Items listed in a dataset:
[Start of section]
(* Fix a $C^0$-concept over $\mathbb{K}$. Let $E,F\in\mathcal{M}$, $U\subseteq E$ open, $k\ge2$, $f\colon U\to F$ of class $C^k$, and let $f(x+th)=\sum_{j=0}^kt^ja_j(x,h)+t^kR_{k+1}(x,h,t)$ ($(x,h,t)\in U^{[1]}$) be the unique expansion with $a_j\colon U\times E\to F$ of class $C^{k-j}$ and $R_{k+1}\colon U^{[1]}\to F$ of class $C^0$ with $R_{k+1}(x,h,0)=0$. Then $a_0(x,h)=f(x)$ is constant in $h$, $a_1(x,h)=df(x)h$ is linear in $h$, and $a_2(x,\cdot)$ is an $F$-valued quadratic form with $$a_2(x,h_1+h_2)-a_2(x,h_1)-a_2(x,h_2)=d^2f(x)(h_1,h_2);$$ in particular $2a_2(x,h)=d^2f(x)(h,h)$.
   Context: Let $\mathbb{K}$ be a commutative ring with unit carrying a topology. A $C^0$-concept over $\mathbb{K}$ consists of: (a) a class $\mathcal{M}$ of topologized $\mathbb{K}$-modules with $\mathbb{K}\in\mathcal{M}$; (b) for $E,F\in\mathcal{M}$ and open $U\subseteq E$, a set $C^0(U,F)$ of continuous maps; (c) for $E_1,E_2\in\mathcal{M}$ a topology on $E_1\times E_2$ (not necessarily the product topology) making it a member of $\mathcal{M}$; subject to: (I.1) composites of $C^0$-maps are $C^0$, identities and inclusions of open subsets are $C^0$; (I.2) $x\mapsto rx+b$ is $C^0$; (I.3) $t\mapsto tv+x$ is $C^0$; (I.4) $\mathbb{K}^\times$ is open and inversion is $C^0$; (I.5) $C^0$ is local on open covers; (II.1) projections and $v\mapsto(v,y)$, $w\mapsto(x,w)$ are $C^0$; (II.2) $f_1\times f_2$ is $C^0$ for $C^0$-maps $f_i$; (II.3) diagonals are $C^0$; (II.4) exchange/associativity maps of products are $C^0$ both ways; (II.5) addition and scalar multiplication are $C^0$; (III) a $C^0$-map on open $U\subseteq\mathbb{K}$ is determined by its values on $U\cap\mathbb{K}^\times$. For open $V\subseteq X$, $V^{[1]}=\{(x,v,t)\in V\times X\times\mathbb{K}:x+tv\in V\}$; a $C^0$-map $g$ is $C^1$ if there is a $C^0$-map $g^{[1]}$ on $V^{[1]}$ with $g(x+tv)-g(x)=t\,g^{[1]}(x,v,t)$, and $dg(x)v:=g^{[1]}(x,v,0)=:\partial_vg(x)$; recursively $g$ is $C^{k+1}$ if $C^k$ and $g^{[k]}$ is $C^1$, $g^{[k+1]}=(g^{[k]})^{[1]}$. For $f$ of class $C^2$, $d^2f(x)(v,w):=\partial_v\partial_wf(x)$. An $F$-valued quadratic form is a map $q\colon E\to F$ with $q(th)=t^2q(h)$ for all $t\in\mathbb{K}$ and $q(h_1+h_2)-q(h_1)-q(h_2)$ $\mathbb{K}$-bilinear in $(h_1,h_2)$. *)

From HB Require Import structures.
From mathcomp Require Import all_boot all_algebra.
From Stdlib Require Import ClassicalEpsilon.
Set Implicit Arguments. Unset Strict Implicit. Unset Printing Implicit Defensive.
Import GRing.Theory.
Local Open Scope ring_scope.

Definition pset (T : Type) := T -> Prop.

Record Mod (K : comPzRingType) := MkMod {
  car :> lmodType K ;
  opn : pset (pset car) }.
Arguments MkMod {K}.
Arguments opn {K}.

Definition is_topology (T : Type) (O : pset (pset T)) : Prop :=
  [/\ O (fun _ => True), O (fun _ => False),
      (forall (I : Type) (A : I -> pset T), (forall i, O (A i)) ->
          O (fun x => exists i, A i x)) &
      (forall A B, O A -> O B -> O (fun x => A x /\ B x))].

Section Concept.
Variable K : comPzRingType.
Variable topK : pset (pset K).

Definition Kmod : Mod K := MkMod K^o topK.

Definition Kunit (t : K) : Prop := exists s : K, t * s = 1.
Definition invK (t : K) : K :=
  epsilon (inhabits 0) (fun s : K => t * s = 1).

(* product topologies provided by a C^0-concept *)
Definition ProdTop := forall E1 E2 : Mod K, pset (pset (car E1 * car E2)%type).
Definition prodM (PT : ProdTop) (E1 E2 : Mod K) : Mod K :=
  MkMod [the lmodType K of (car E1 * car E2)%type] (PT E1 E2).

(* C^0(U,F) for U subset of E: maps are total functions car E -> car F,
   only their values on U matter (see axiom c0_ext). *)
Definition C0Rel := forall E F : Mod K, pset (car E) -> (car E -> car F) -> Prop.

Definition continuous_on (E F : Mod K) (U : pset E) (f : E -> F) : Prop :=
  forall W, opn F W -> opn E (fun x => U x /\ W (f x)).

Definition is_C0_concept (inM : Mod K -> Prop) (PT : ProdTop) (C0 : C0Rel) : Prop :=
  let X := prodM PT in
  (forall E, inM E -> is_topology (opn E)) /\
  inM Kmod /\
  (forall E1 E2, inM E1 -> inM E2 -> inM (X E1 E2)) /\
  (forall E F U f, inM E -> inM F -> C0 E F U f -> opn E U) /\
  (forall E F U f, inM E -> inM F -> C0 E F U f -> continuous_on U f) /\
  (forall E F U f g, inM E -> inM F -> C0 E F U f ->
       (forall x, U x -> f x = g x) -> C0 E F U g) /\
  (forall (E F G : Mod K) U V (f : E -> F) (g : F -> G), inM E -> inM F -> inM G ->
       C0 E F U f -> C0 F G V g -> (forall x, U x -> V (f x)) ->
       C0 E G U (fun x => g (f x))) /\
  (forall E U, inM E -> opn E U -> C0 E E U (fun x => x)) /\
  (forall (E : Mod K) (r : K) (b : E), inM E ->
       C0 E E (fun _ => True) (fun x => r *: x + b)) /\
  (forall (E : Mod K) (v x : E), inM E ->
       C0 Kmod E (fun _ => True) (fun t : K^o => (t : K) *: v + x)) /\
  opn Kmod Kunit /\ C0 Kmod Kmod Kunit invK /\
  (forall (E F : Mod K) (I : Type) (Ui : I -> pset E) (f : E -> F), inM E -> inM F ->
       (forall i, C0 E F (Ui i) f) -> C0 E F (fun x => exists i, Ui i x) f) /\
  (forall E1 E2, inM E1 -> inM E2 ->
       C0 (X E1 E2) E1 (fun _ => True) (fun p => p.1) /\
       C0 (X E1 E2) E2 (fun _ => True) (fun p => p.2) /\
       (forall y : E2, C0 E1 (X E1 E2) (fun _ => True) (fun v => (v, y))) /\
       (forall x : E1, C0 E2 (X E1 E2) (fun _ => True) (fun w => (x, w)))) /\
  (forall (E1 E2 F1 F2 : Mod K) U1 U2 (f1 : E1 -> F1) (f2 : E2 -> F2),
       inM E1 -> inM E2 -> inM F1 -> inM F2 ->
       C0 E1 F1 U1 f1 -> C0 E2 F2 U2 f2 ->
       C0 (X E1 E2) (X F1 F2) (fun p => U1 p.1 /\ U2 p.2)
          (fun p => (f1 p.1, f2 p.2))) /\
  (forall E, inM E -> C0 E (X E E) (fun _ => True) (fun x => (x, x))) /\
  (forall E1 E2, inM E1 -> inM E2 ->
       C0 (X E1 E2) (X E2 E1) (fun _ => True) (fun p => (p.2, p.1))) /\
  (forall E1 E2 E3, inM E1 -> inM E2 -> inM E3 ->
       C0 (X (X E1 E2) E3) (X E1 (X E2 E3)) (fun _ => True)
          (fun p => (p.1.1, (p.1.2, p.2))) /\
       C0 (X E1 (X E2 E3)) (X (X E1 E2) E3) (fun _ => True)
          (fun p => ((p.1, p.2.1), p.2.2))) /\
  (forall E, inM E ->
       C0 (X E E) E (fun _ => True) (fun p => p.1 + p.2) /\
       C0 (X Kmod E) E (fun _ => True) (fun p => (p.1 : K) *: p.2)) /\
  (* (III) *)
  (forall (F : Mod K) U (f g : Kmod -> F), inM F ->
       C0 Kmod F U f -> C0 Kmod F U g ->
       (forall t, U t -> Kunit t -> f t = g t) -> forall t, U t -> f t = g t).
[End of section]
> PROBLEM: Report every line above that has the string "Kunit" in it.

> ANSWER:
Definition Kunit (t : K) : Prop := exists s : K, t * s = 1.
  opn Kmod Kunit /\ C0 Kmod Kmod Kunit invK /\
       (forall t, U t -> Kunit t -> f t = g t) -> forall t, U t -> f t = g t).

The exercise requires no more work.